Work to be completed —
When the line containing "Definition pay_g (pi" is found in the data below, copy it and each line after it through the line containing "- (dj * pi) - (Dj w - dj) * Pi w.", exactly and with no others.

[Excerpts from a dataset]
-*-*-

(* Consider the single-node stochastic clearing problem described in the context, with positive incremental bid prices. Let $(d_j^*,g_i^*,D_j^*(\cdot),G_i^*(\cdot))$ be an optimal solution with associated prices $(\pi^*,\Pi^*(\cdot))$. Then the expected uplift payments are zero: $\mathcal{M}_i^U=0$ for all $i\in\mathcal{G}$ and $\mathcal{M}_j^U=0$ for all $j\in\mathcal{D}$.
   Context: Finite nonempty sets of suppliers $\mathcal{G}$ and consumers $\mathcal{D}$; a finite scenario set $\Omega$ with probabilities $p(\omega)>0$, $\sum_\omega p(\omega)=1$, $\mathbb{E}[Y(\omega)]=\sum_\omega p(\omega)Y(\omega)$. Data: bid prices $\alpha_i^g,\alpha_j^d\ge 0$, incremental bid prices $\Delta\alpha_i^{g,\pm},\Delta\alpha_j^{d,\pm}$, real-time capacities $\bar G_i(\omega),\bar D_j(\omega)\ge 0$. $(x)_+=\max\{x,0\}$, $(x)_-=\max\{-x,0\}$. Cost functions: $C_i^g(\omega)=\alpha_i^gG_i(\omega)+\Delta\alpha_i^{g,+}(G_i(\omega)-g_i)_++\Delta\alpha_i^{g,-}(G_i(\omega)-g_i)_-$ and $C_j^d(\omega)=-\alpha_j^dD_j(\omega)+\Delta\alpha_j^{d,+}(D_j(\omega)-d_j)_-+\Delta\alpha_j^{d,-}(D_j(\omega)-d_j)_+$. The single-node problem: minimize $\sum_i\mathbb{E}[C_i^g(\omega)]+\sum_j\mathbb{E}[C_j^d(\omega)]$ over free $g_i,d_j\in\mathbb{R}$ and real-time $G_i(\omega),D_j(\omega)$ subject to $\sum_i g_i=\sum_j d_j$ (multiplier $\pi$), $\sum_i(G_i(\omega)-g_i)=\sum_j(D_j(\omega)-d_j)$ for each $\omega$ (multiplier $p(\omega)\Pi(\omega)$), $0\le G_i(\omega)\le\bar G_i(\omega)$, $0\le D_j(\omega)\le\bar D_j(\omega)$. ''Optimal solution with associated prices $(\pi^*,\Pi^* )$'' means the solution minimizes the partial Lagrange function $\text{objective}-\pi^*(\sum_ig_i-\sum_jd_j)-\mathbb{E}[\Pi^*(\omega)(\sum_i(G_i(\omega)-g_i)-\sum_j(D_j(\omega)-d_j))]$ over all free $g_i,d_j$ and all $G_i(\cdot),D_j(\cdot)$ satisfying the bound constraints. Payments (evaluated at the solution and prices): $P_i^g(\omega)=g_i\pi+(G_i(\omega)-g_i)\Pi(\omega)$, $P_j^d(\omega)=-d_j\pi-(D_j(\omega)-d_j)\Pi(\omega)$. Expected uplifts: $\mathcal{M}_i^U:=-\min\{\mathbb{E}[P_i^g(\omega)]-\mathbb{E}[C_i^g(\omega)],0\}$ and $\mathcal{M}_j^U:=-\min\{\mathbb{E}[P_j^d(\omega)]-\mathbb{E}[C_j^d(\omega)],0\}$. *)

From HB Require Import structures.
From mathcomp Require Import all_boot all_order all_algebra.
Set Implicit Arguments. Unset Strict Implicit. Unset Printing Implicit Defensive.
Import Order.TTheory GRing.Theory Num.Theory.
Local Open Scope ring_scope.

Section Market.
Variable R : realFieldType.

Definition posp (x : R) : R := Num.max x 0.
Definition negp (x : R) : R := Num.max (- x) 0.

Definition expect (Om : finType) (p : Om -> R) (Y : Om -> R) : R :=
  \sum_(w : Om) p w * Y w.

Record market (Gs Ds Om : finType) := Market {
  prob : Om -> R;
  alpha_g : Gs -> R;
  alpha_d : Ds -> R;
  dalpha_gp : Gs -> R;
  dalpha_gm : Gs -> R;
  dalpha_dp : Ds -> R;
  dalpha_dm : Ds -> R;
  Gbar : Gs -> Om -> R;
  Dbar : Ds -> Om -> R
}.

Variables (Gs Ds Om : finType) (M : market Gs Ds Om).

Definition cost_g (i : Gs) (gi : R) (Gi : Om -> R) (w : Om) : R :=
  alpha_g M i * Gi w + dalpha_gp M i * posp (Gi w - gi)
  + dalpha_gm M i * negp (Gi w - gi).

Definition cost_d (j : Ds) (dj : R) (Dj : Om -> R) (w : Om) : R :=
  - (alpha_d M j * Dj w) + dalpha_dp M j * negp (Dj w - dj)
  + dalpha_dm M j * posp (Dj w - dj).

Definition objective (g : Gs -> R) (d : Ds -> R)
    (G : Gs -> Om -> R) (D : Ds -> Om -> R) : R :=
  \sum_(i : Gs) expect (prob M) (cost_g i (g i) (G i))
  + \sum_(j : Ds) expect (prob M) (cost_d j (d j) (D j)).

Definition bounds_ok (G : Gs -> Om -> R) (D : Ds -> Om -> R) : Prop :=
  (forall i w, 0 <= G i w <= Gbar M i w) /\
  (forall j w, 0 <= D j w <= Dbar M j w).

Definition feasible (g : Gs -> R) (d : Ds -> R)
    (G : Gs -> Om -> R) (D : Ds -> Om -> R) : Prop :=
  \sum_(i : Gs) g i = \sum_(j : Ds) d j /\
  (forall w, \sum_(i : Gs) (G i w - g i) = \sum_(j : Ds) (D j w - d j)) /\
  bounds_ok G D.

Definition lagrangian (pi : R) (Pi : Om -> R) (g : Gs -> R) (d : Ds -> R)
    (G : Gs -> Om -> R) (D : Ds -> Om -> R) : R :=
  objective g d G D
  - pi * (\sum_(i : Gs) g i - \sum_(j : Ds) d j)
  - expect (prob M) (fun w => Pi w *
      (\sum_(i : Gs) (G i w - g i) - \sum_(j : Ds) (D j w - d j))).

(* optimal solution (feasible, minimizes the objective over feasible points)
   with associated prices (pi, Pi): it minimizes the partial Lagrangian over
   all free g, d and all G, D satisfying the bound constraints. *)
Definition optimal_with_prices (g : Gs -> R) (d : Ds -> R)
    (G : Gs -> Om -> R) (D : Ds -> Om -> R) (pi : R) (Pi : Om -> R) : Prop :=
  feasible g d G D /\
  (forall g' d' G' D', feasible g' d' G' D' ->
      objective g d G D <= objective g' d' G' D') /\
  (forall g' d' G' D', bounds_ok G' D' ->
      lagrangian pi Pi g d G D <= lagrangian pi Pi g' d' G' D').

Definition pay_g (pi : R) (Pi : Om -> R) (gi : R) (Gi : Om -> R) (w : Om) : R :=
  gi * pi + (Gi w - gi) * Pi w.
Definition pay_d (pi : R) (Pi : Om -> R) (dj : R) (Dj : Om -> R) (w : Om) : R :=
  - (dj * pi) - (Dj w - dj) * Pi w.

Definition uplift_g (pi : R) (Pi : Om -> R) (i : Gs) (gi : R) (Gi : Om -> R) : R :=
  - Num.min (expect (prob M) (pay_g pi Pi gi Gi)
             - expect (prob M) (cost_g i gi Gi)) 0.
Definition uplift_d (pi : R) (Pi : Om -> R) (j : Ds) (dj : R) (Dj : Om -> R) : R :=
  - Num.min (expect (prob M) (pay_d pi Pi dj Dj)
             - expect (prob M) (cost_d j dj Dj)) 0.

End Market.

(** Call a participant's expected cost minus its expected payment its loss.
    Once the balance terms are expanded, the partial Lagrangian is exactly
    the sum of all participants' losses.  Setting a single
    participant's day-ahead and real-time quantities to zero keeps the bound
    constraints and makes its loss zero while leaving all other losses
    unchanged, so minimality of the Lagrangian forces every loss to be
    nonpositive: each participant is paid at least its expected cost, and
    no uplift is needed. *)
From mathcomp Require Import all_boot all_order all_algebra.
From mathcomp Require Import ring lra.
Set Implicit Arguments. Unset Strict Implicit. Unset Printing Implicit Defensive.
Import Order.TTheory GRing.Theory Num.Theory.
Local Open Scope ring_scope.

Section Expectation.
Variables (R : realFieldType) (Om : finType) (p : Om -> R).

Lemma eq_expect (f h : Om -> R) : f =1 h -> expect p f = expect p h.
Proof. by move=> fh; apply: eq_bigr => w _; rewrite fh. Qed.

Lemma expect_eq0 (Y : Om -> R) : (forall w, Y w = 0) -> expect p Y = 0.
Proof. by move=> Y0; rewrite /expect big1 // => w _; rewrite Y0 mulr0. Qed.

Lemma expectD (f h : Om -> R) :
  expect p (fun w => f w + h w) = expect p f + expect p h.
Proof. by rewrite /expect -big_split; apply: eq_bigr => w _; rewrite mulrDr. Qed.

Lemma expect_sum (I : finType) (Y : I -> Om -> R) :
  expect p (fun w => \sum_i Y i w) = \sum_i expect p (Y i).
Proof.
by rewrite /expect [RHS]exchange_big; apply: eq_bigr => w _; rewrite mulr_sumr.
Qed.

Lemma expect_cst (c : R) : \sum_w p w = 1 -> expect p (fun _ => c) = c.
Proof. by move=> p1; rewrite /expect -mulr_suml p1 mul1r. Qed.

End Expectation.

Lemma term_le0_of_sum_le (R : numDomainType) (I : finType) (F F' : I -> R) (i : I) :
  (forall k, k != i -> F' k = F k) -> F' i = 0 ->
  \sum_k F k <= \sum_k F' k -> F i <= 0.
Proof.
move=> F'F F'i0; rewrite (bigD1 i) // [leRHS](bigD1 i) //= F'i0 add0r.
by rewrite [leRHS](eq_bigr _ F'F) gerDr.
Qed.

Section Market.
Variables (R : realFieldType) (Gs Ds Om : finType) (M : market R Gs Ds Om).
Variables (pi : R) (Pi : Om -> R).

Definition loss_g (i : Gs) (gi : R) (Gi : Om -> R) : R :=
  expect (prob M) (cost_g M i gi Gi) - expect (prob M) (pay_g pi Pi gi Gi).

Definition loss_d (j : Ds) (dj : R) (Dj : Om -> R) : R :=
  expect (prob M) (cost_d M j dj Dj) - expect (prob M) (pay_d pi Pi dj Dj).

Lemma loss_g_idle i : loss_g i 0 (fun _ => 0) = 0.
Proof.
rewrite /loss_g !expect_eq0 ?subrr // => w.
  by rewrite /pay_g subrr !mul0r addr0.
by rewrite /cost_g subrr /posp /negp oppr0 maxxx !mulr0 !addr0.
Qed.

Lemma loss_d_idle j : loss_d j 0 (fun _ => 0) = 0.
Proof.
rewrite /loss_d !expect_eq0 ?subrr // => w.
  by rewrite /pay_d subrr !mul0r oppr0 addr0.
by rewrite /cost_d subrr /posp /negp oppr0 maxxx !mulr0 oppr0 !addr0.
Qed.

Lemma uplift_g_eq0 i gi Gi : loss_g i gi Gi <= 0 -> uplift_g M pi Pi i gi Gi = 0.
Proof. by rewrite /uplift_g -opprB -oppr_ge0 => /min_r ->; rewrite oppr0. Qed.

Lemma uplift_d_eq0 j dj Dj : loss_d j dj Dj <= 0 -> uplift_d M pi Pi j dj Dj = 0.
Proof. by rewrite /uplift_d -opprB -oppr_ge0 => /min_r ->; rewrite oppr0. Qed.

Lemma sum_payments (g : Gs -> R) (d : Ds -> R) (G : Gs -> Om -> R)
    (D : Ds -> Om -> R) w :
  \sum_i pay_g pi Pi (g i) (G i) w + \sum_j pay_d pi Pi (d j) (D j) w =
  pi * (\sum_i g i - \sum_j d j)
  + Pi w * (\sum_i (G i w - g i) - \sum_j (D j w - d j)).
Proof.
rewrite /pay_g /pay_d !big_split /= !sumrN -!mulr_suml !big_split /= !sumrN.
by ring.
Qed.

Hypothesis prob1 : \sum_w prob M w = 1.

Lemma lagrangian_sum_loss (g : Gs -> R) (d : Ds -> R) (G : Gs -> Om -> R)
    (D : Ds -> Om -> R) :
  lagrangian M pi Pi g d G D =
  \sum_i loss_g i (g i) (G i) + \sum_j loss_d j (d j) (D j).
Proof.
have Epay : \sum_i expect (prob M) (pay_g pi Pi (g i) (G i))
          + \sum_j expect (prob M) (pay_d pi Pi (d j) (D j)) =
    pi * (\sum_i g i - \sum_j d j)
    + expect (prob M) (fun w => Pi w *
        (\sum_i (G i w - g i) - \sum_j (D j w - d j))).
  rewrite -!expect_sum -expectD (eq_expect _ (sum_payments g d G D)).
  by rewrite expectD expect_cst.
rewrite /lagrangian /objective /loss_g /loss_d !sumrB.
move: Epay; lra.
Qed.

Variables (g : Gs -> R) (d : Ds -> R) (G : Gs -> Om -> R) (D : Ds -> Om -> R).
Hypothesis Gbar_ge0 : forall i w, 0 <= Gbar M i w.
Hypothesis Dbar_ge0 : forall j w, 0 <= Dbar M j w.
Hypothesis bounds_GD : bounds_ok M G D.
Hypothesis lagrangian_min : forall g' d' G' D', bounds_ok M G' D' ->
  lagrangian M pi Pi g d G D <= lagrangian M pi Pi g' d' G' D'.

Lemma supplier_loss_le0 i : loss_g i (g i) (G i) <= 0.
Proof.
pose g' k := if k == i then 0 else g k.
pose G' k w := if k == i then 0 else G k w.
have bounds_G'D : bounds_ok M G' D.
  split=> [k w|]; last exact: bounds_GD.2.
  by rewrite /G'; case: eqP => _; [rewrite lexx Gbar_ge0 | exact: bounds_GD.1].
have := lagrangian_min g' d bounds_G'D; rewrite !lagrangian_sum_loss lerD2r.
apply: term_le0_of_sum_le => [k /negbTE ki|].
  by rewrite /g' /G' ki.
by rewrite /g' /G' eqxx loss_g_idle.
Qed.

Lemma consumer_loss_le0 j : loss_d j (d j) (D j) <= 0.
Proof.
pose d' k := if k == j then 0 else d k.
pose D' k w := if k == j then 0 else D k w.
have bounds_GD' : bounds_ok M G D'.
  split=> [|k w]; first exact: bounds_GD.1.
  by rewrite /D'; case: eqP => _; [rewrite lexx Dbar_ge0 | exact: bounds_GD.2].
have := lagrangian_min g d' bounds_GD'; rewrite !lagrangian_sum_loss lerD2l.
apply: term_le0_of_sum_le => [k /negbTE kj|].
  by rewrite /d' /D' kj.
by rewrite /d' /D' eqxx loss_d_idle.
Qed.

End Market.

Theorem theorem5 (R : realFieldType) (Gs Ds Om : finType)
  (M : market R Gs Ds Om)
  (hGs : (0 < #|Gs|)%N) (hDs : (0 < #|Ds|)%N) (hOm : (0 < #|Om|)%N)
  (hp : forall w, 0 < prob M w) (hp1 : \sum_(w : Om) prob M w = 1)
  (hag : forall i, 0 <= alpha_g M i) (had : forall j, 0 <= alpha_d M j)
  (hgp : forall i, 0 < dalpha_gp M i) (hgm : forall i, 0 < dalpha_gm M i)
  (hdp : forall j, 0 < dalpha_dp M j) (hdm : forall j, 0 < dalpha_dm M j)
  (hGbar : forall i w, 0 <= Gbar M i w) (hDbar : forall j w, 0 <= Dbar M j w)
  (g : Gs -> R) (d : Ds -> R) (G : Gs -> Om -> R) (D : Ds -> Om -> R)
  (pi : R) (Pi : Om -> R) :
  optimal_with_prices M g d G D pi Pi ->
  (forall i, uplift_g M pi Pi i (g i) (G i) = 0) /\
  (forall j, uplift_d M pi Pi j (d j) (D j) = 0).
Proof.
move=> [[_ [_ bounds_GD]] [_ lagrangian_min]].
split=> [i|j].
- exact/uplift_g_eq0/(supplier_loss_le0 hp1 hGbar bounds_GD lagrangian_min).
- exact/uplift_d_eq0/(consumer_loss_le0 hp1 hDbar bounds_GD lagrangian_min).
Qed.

-*-*-

Answer to the problem —
Definition pay_g (pi : R) (Pi : Om -> R) (gi : R) (Gi : Om -> R) (w : Om) : R :=
  gi * pi + (Gi w - gi) * Pi w.
Definition pay_d (pi : R) (Pi : Om -> R) (dj : R) (Dj : Om -> R) (w : Om) : R :=
  - (dj * pi) - (Dj w - dj) * Pi w.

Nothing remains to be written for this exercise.